L(z) = z^2 - (x+y)z + xy.
Then you solve for the roots of L, either using your finite field's variant of the quadratic formula, or e.g. just by trying everything in the field.
* But wait, this doesn't actually work! *
Over fields of small characteristic, such as F_2^m, you need to modify the approach and use different powers. For example, in the equations above, I divided by 2. But over F_2^m in the example shown above, you cannot divide by 2, since 2=0. In fact, you cannot solve for (x,y) at all with only x+y and x^2 + y^2, because
(x+y)^2 = x^2 + y^2 + 2xy = x^2 + y^2 + 0xy (since 2=0) = x^2 + y^2
So you don't actually need the first loop (at least for the set of integers 1..n example), but bringing that up is probably out of scope for this article.
It's all theoretical though. On real world data sets that aren't small I don't see why you wouldn't hand these tasks off to C/Zig/Rust unless you're only running them once or twice.
It's silly to as ask a web dev these questions and expect these XOR approaches.
Low-level developers ("bare metal" as the kids say), on the other hand? They should have a deep enough understanding of binary representation and bitwise operations to approach these problems with logic gates.
The epitome of turning technical interviews into a trivia contest to make them feel smart. Because isn't that the point of a tech interview?
I believe you under-estimate what a good interviewer is trying to do with questions such as these:
Either you've seen the trick before and you get an opportunity to show the interviewer that you're an honest person by telling him you have.

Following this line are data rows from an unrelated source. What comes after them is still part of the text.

Lemma pos_transpose_bij n (V : lmodType R) (eta : 'M[C]_n -> V) :
  PosUniversal eta ->
  forall phi : V -> SAmx R n, rlin phi ->
    (forall A, posmx A -> sa_val (phi (eta A)) = A) -> bijective phi.
Proof.
move=> univ phi phi_lin phiE; have eta_nnlin := univ.1.
exists (sa_of_pos eta) => [v|S].
  apply: (PosUniversal_eq univ (rlin_comp (sa_of_pos_rlin eta_nnlin) phi_lin)) => //.
  move=> A hA /=; rewrite (@sa_of_posE _ _ eta _ _ A 0) ?subr0 ?phiE //.
    by rewrite eta_nnlin.1 subr0.
  exact: posmx0.
have [hi lo] := pos_hi_lo_posmx S.
by apply: val_inj; rewrite /= phi_lin.1 rlinN //= !phiE // pos_hi_subr_lo.
Qed.

Lemma pos_transpose_natural n m (Cm : 'M[C]_(m, n))
    (Vn : lmodType R) (etan : 'M[C]_n -> Vn)
    (Vm : lmodType R) (etam : 'M[C]_m -> Vm) :
  PosUniversal etan ->
  forall (phin : Vn -> SAmx R n) (phim : Vm -> SAmx R m),
    rlin phin -> rlin phim ->
    (forall A, posmx A -> sa_val (phin (etan A)) = A) ->
    (forall A, posmx A -> sa_val (phim (etam A)) = A) ->
  forall h : Vn -> Vm, rlin h ->
    (forall A, posmx A -> h (etan A) = etam (Cm *m A *m adjmx Cm)) ->
    forall v, phim (h v) = saMap Cm (phin v).
Proof.
move=> univ phin phim phin_lin phim_lin phinE phimE h h_lin hE.
have saMap_lin : rlin (saMap Cm \o phin).
  have [pD pZ] := phin_lin.
  split=> [u w|r u]; apply: val_inj; rewrite /= ?pD ?pZ /=.
    by rewrite mulmxDr mulmxDl.
  by rewrite -scalemxAr -scalemxAl.
apply: (PosUniversal_eq univ (rlin_comp phim_lin h_lin) saMap_lin) => A hA.
by apply: val_inj; rewrite /= hE // phimE ?phinE //; apply: posmx_conj.
Qed.

Section Cartesian.
Variable n : nat.

Definition mxRe (M : 'M[C]_n) := rC 2^-1 *: (M + adjmx M).
Definition mxIm (M : 'M[C]_n) := rC 2^-1 *: ('i *: (adjmx M - M)).

Lemma mxRe_herm (M : 'M[C]_n) : Defs.hermitian (mxRe M).
Proof. by rewrite /Defs.hermitian /mxRe adjmxZr adjmxD adjmxK addrC. Qed.

Lemma mxIm_herm (M : 'M[C]_n) : Defs.hermitian (mxIm M).
Proof.
rewrite /Defs.hermitian /mxIm adjmxZr adjmxZ adjmxD adjmxN adjmxK conjCi.
by rewrite scaleNr -scalerN opprB.
Qed.

Definition saRe M : SAmx R n := SAmk (mxRe_herm M).
Definition saIm M : SAmx R n := SAmk (mxIm_herm M).

Lemma mxRe_Im M : mxRe M + 'i *: mxIm M = M.
Proof.
by apply/matrixP => i j; rewrite /mxRe /mxIm !mxE rC_half mulrCA mulCii; field.
Qed.

Lemma saReD M N : saRe (M + N) = saRe M + saRe N.
Proof. by apply: val_inj; rewrite /= /mxRe adjmxD -scalerDr addrACA. Qed.

Lemma saImD M N : saIm (M + N) = saIm M + saIm N.
Proof.
by apply: val_inj; rewrite /= /mxIm adjmxD -!scalerDr opprD addrACA.
Qed.

Lemma saReZ r M : saRe (rC r *: M) = r *: saRe M.
Proof. by apply: val_inj; rewrite /= /mxRe adjmxZr -scalerDr !scalerA mulrC. Qed.

Lemma saImZ r M : saIm (rC r *: M) = r *: saIm M.
Proof.
by apply: val_inj; rewrite /= /mxIm adjmxZr -scalerBr !scalerA; congr (_ *: _); ring.
Qed.

Lemma saReZi M : saRe ('i *: M) = - saIm M.
Proof.
apply: val_inj; rewrite /= /mxRe /mxIm adjmxZ conjCi.
by apply/matrixP => i j; rewrite !mxE; ring.
Qed.

Lemma saImZi M : saIm ('i *: M) = saRe M.
Proof.
apply: val_inj; rewrite /= /mxIm /mxRe adjmxZ conjCi.
apply/matrixP => i j; rewrite !mxE.
rewrite (_ : 'i * _ = - ('i * ('i * ((M j i)^* + M i j)))); last by ring.
by rewrite mulCii opprK addrC.
Qed.

Lemma saRe_sa (S : SAmx R n) : saRe S = S.
Proof.
apply: val_inj; rewrite /= /mxRe (eqP (sa_herm S)) rC_half.
by apply/matrixP => i j; rewrite !mxE; field.
Qed.

Lemma saIm_sa (S : SAmx R n) : saIm S = 0.
Proof. by apply: val_inj; rewrite /= /mxIm (eqP (sa_herm S)) subrr !scaler0. Qed.

Section SAToB.
Variables (V : lmodType C) (eta : SAmx R n -> V).
Hypothesis eta_lin : rlin_SA eta.

Definition mx_of_sa (M : 'M[C]_n) : V := eta (saRe M) + 'i *: eta (saIm M).

Lemma mx_of_sa_clin : clin mx_of_sa.
Proof.
have [etaD etaZ] := eta_lin.
have etaN (S : SAmx R n) : eta (- S) = - eta S.
  by rewrite -(scaleN1r S) etaZ rmorphN1 scaleN1r.
have mx_of_saD M N : mx_of_sa (M + N) = mx_of_sa M + mx_of_sa N.
  by rewrite /mx_of_sa saReD saImD !etaD scalerDr addrACA.
have mx_of_saZr r M : mx_of_sa (rC r *: M) = rC r *: mx_of_sa M.
  by rewrite /mx_of_sa saReZ saImZ !etaZ scalerDr !scalerA mulrC.
have mx_of_saZi M : mx_of_sa ('i *: M) = 'i *: mx_of_sa M.
  rewrite /mx_of_sa saReZi saImZi etaN scalerDr scalerA -expr2 sqrCi scaleN1r.
  by rewrite addrC.
split=> // c M.
by rewrite [c]complexE scalerDl -scalerA mx_of_saD mx_of_saZr mx_of_saZi
  mx_of_saZr scalerDl scalerA.
Qed.

Lemma mx_of_sa_sa (S : SAmx R n) : mx_of_sa S = eta S.
Proof.
have eta0 : eta 0 = 0 by rewrite -(scale0r (0 : SAmx R n)) eta_lin.2 rmorph0 scale0r.
by rewrite /mx_of_sa saRe_sa saIm_sa eta0 scaler0 addr0.
Qed.

End SAToB.
End Cartesian.
Lemma rounded_load_minus_ge sigma v g f :
  client_profile E s sigma -> rounded E s sigma -> sigma v g = 1 ->
  f \in Ns E s v -> load sigma g - 1 <= load_minus sigma v f.
Proof.
move=> sigma_prof sigma_rnd sigma_g f_v.
have [C [C' [C_in C'_in v_C f_C' ceil_le]]] := class_set_nbhd f_v.
have [load_C one_C] := sigma_rnd C C_in.
have [g' [[g'_C sigma_g'] _]] := one_C v v_C.
have [_ sigma_0] := valid_dist_point_mass (sigma_prof v) sigma_g.
have g'g : g' = g.
  by apply/eqP; apply: contraT => /sigma_0; rewrite sigma_g' => /eqP; rewrite oner_eq0.
subst g'.
have load_g : load sigma g <= (class_ceil C)%:R.
  by case: (load_C g g'_C) => ->; rewrite ler_nat // leq_addr.
have load_f : (class_floor C')%:R <= load sigma f.
  by case: ((sigma_rnd C' C'_in).1 f f_C') => ->; rewrite ler_nat // leq_addr.
have : (class_ceil C)%:R <= (class_floor C')%:R + 1 :> R by rewrite natr1 ler_nat.
rewrite load_minusE; case: (eqVneq f g) => [-> | f_g]; first by rewrite sigma_g.
by rewrite sigma_0 // subr0; lra.
Qed.

End RoundedProfile.

Theorem mainTheorem9 (R : realFieldType) (V F : finType) (E : rel V)
  (s : F -> V) (sigma : V -> F -> R) :
  client_profile E s sigma ->
  rounded E s sigma ->
  client_equilibrium E s sigma.
Proof.
move=> sigma_prof sigma_rnd v d d_v; apply/negP; rewrite -leNgt.
have [Nv_eq0 | Nv_ne0] := eqVneq (Ns E s v) set0.
  by rewrite /cost Nv_eq0 !big_set0.
have [f f_v] := set0Pn _ Nv_ne0.
have [C [_ [C_in _ v_C _ _]]] := class_set_nbhd f_v.
have [g [[_ sigma_g] _]] := (sigma_rnd C C_in).2 v v_C.
rewrite (cost_point_mass (sigma_prof v) sigma_g) -[load sigma g](addrNK 1) addrC.
apply: cost_deviate_ge d_v Nv_ne0 _ => f' f'_v.
exact: rounded_load_minus_ge sigma_g f'_v.
Qed.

Huge plus and the interview can move on to other topics.
Either you haven't and you can demonstrate to the interviewer your analytical skills by dissecting the problem step by step and understanding what the code actually does and how.
Bonus if you can see the potential aliasing problem when used to swap two variables.
Not a trivia question at all.
However, then it is clearly still easier to just phrase everything in terms of = (equality) instead!
Equality is for binary inputs is also called XNOR, biconditional, iff, ↔, etc, which is the negation of XOR. But thinking of it immediately as "=" is much more straightforward.
Another advantage of = over ≠/xor is that equality is not just commutative and associative, it's intuitively obvious that it is associative. The associativity of ≠/xor is less obvious. Moreover, equality is also transitive, unlike inequality/xor.
Overall, equality seems a much more natural concept to reason with, yet I don't know of any languages which have a bitwise equality/XNOR/↔ operator, i.e. one that operates on integers rather than Booleans.
For those who do/did assembly, this is the common way to set a register to zero in x86 assembly (probably not only) because the instruction does not need an operand, so is shorter, and executes in one cycle only.
One aspect of XOR is that it is the same as binary addition without carry, and therefore it does not overflow.
`XOR[0...n] = 0 ^ 1 .... ^ n = [n, 1, n + 1, 0][n % 4]`
XOR[0...x] = (x&1^(x&2)>>1)+x*(~x&1)
Actually I found something through Gemini based on the table mod 4 idea in previous post. Thanks.
xor ax, ax
mov ax, 0hThis is nonsensical, where does the second truth table come from? Instead you just observe that, by definition, 1^0 == 0^1.